There are differences in outcome for BAME patients, but they are not due to doctors’ racism. They are due to a mix of cultural, economic and genetic factors, such as the higher incidence of sickle cell trait in Africans, or susceptibility to diabetes in south Asians, the covering of skin by Muslim women leading to vitamin D deficiency, the reluctance of some immigrant men to allow their wives to see male GPs, etc.

Aesopfable · 20/10/2020 12:07

I didn’t see any pp suggesting it was doctors who were racist - I understood pp that the suggestion is that the system may be racist but actually the differing outcomes for minority ethnicities reflect other confounding factors instead (occupation, location, immigration, education, language etc)

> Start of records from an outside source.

Theorem lemma3 (n : nat) (r : nat -> R) (eta : R) :
  (3 <= n)%nat ->
  (forall i, (i < n)%nat -> 0 < r i <= 1) ->
  0 < eta ->
  rmin n r < 1 ->
  eta > Rmax (rmin n r / 2) (rmax n r / INR n) ->
  ft_robustly_reachable n r eta (E1_set n).
Proof.
  intros Hn Hr Heta Hmin Hgt.
  destruct (rmin_attained n r) as [k [Hk Hrk]]; [lia|].
  pose proof (Rmax_l (rmin n r / 2) (rmax n r / INR n)).
  pose proof (Rmax_r (rmin n r / 2) (rmax n r / INR n)).
  set (d := Rmin eta (Rmin (2 * eta - r k) (eta - rmax n r / INR n)) / 8).
  assert (Hd : 0 < d /\ 8 * d <= eta /\ 8 * d <= 2 * eta - r k /\
               8 * d <= eta - rmax n r / INR n)
    by (unfold d, Rmin; repeat destruct Rle_dec; lra).
  destruct (INR_archimed (eta - 2 * d) 1) as [N HN]; [lra|].
  exists (N + 2 + N)%nat, d; split; [lia|]; split; [lra|].
  intros x0 Hx0; right.
  exists (fun _ _ _ => d), (fun t _ => steer eta d k N t).
  split; [now intros ? ? ? ? ? ?|]; split; [now intros ? ? ? ? ? ?|]; split.
  { intros t xs i _ _; pose proof (steer_bounds eta d k N t i); lra. }
  intros b x Hx0eq Hdyn.
  exists (N + 2 + N)%nat; split; [lia|].
  apply (trajectory_in_E1 n r eta d k N x b); try lra; try lia.
  - intros i Hi; pose proof (Hr i Hi); lra.
  - now rewrite Hx0eq.
  - exact (fun t i Ht Hi => proj1 (Hdyn t i Ht Hi)).
  - exact (fun t i Ht Hi => proj2 (Hdyn t i Ht Hi)).
Qed.
Lemma ord_conclusion_admissible alts alt i g :
  ord_rule Th alts -> In alt alts -> In (i, g) alt -> admissible_form f0 g.
Proof.
  intros Hr Ha Hp.
  assert (Hsub : forall h, subf h f0 -> admissible_form f0 h) by (left; left; assumption).
  assert (Hnegsub : forall h, subf h f0 -> admissible_form f0 (FNeg h)) by (left; right; eauto).
  assert (Hnom : forall h, nominal_form h -> admissible_form f0 h) by (right; assumption).
  destruct Hr as [i' f H | i' f h H | i' f h H | i' j f H H' | i' j f H H'
                 | i' j f H | i' j f H | i' j f H H' | i' H | i' H];
    simpl in Ha; repeat destruct Ha as [<- | Ha]; try contradiction;
    simpl in Hp; repeat destruct Hp as [Hp | Hp]; try contradiction;
    injection Hp as <- <-.
  - destruct (premise_neg _ _ H) as [Hs | (k & [E | E])]; try discriminate.
    apply Hsub, (subf_trans _ (FNeg f)); eauto using subf.
  - apply Hsub, (subf_trans _ (FAnd f h)); [eauto using subf|].
    eapply premise_compound; [exact H | intros; discriminate ..].
  - apply Hsub, (subf_trans _ (FAnd f h)); [eauto using subf|].
    eapply premise_compound; [exact H | intros; discriminate ..].
  - destruct (premise_neg _ _ H) as [Hs | (k & [E | E])]; try discriminate.
    apply Hnegsub, (subf_trans _ (FAnd f h)); eauto using subf.
  - destruct (premise_neg _ _ H) as [Hs | (k & [E | E])]; try discriminate.
    apply Hnegsub, (subf_trans _ (FAnd f h)); eauto using subf.
  - destruct (premise_neg _ _ H) as [Hs | (k & [E | E])]; try discriminate.
    + apply Hnegsub, (subf_trans _ (FDia f)); eauto using subf.
    + injection E as ->. apply Hnom. exists k. auto.
  - destruct (premise_neg _ _ H) as [Hs | (k & [E | E])]; try discriminate.
    apply Hsub, (subf_trans _ (FDia (FNeg f))); eauto using subf.
  - apply Hsub, (subf_trans _ (FAt j f)); [eauto using subf|].
    eapply premise_compound; [exact H | intros; discriminate ..].
  - destruct (premise_neg _ _ H) as [Hs | (k & [E | E])]; try discriminate.
    apply Hnegsub, (subf_trans _ (FAt j f)); eauto using subf.
  - exact (Hadm _ H).
  - apply Hnom. exists i'. auto.
  - apply Hnom. exists i'. auto.
Qed.

End Admissible.

Definition nominal_forms (B : nat) : list form :=
  flat_map (fun k => [FNom k; FNeg (FNom k); FNeg (FDia (FNom k)); FDia (FNom k)]) (seq 0 B).

Definition candidate_forms (f0 : form) (B : nat) : list form :=
  subformulas f0 ++ map FNeg (subformulas f0) ++ nominal_forms B.

Definition candidate_nodes (f0 : form) (B : nat) : list node :=
  flat_map (fun i => flat_map (fun g => map (mkN i g) (None :: map Some (subformulas f0)))
                              (candidate_forms f0 B))
           (seq 0 B).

Language impacts on patients access to health care well before they sit in front of you.

HecatesCats · 20/10/2020 12:15

@Aesopfable

I didn’t see any pp suggesting it was doctors who were racist - I understood pp that the suggestion is that the system may be racist but actually the differing outcomes for minority ethnicities reflect other confounding factors instead (occupation, location, immigration, education, language etc)

Language impacts on patients access to health care well before they sit in front of you.

Indeed and I was taking issue with the need to bring race in in any other way than to suggest that the data needs to be gathered with regards to endometriosis, since there clearly isn't enough currently. If there isn't enough data to make a judgement, why use an anecdote from one woman suggesting that others have it easy when they clearly don't and the fact that they clearly don't is the whole point of the article. The article says of ALL women that: 'It found an average wait for a diagnosis was eight years and that has not improved in more than a decade.' It goes on to use this quote: '"The majority of black women and transgender men I've spoken to have had poor treatment, but you speak to other women and they're like, 'Yes, I have an appointment'." Which clearly isn't remotely representative of the situation because the average wait is 8 YEARS and as I pointed out before there's a link to an article on the same page about a white woman who wasn't diagnosed for 17 years. It's a complete red herring and poor journalism.
Goosefoot · 20/10/2020 13:53

@HecatesCats

Even with the correction I'm not entirely sure this anecdote is helpful: 'but you speak to other women and they're like, 'Yes, I have an appointment'. Clearly there are systemic barriers to women of colour and the maternity statistics are shameful, but the article is about how appalling the treatment of women with endometriosis is generally and an acknowledgement that it is poor. Underneath the article is another story about a white woman’s who waited 17 years to be diagnosed, so in the case of this condition it's clearly not that simple. It's important to hear a black woman’s experience, but would it not be better to back this up using actual statistics to make the point, I.e things are even worse for Black and Asian women because statistics show xyz, rather than an anecdote that exists without context. It's just lazy journalism.
Yes, it's absolutely lazy journalism. That quote tells anyone zero about who, if anyone, is waiting longer, it's basically irrelevant.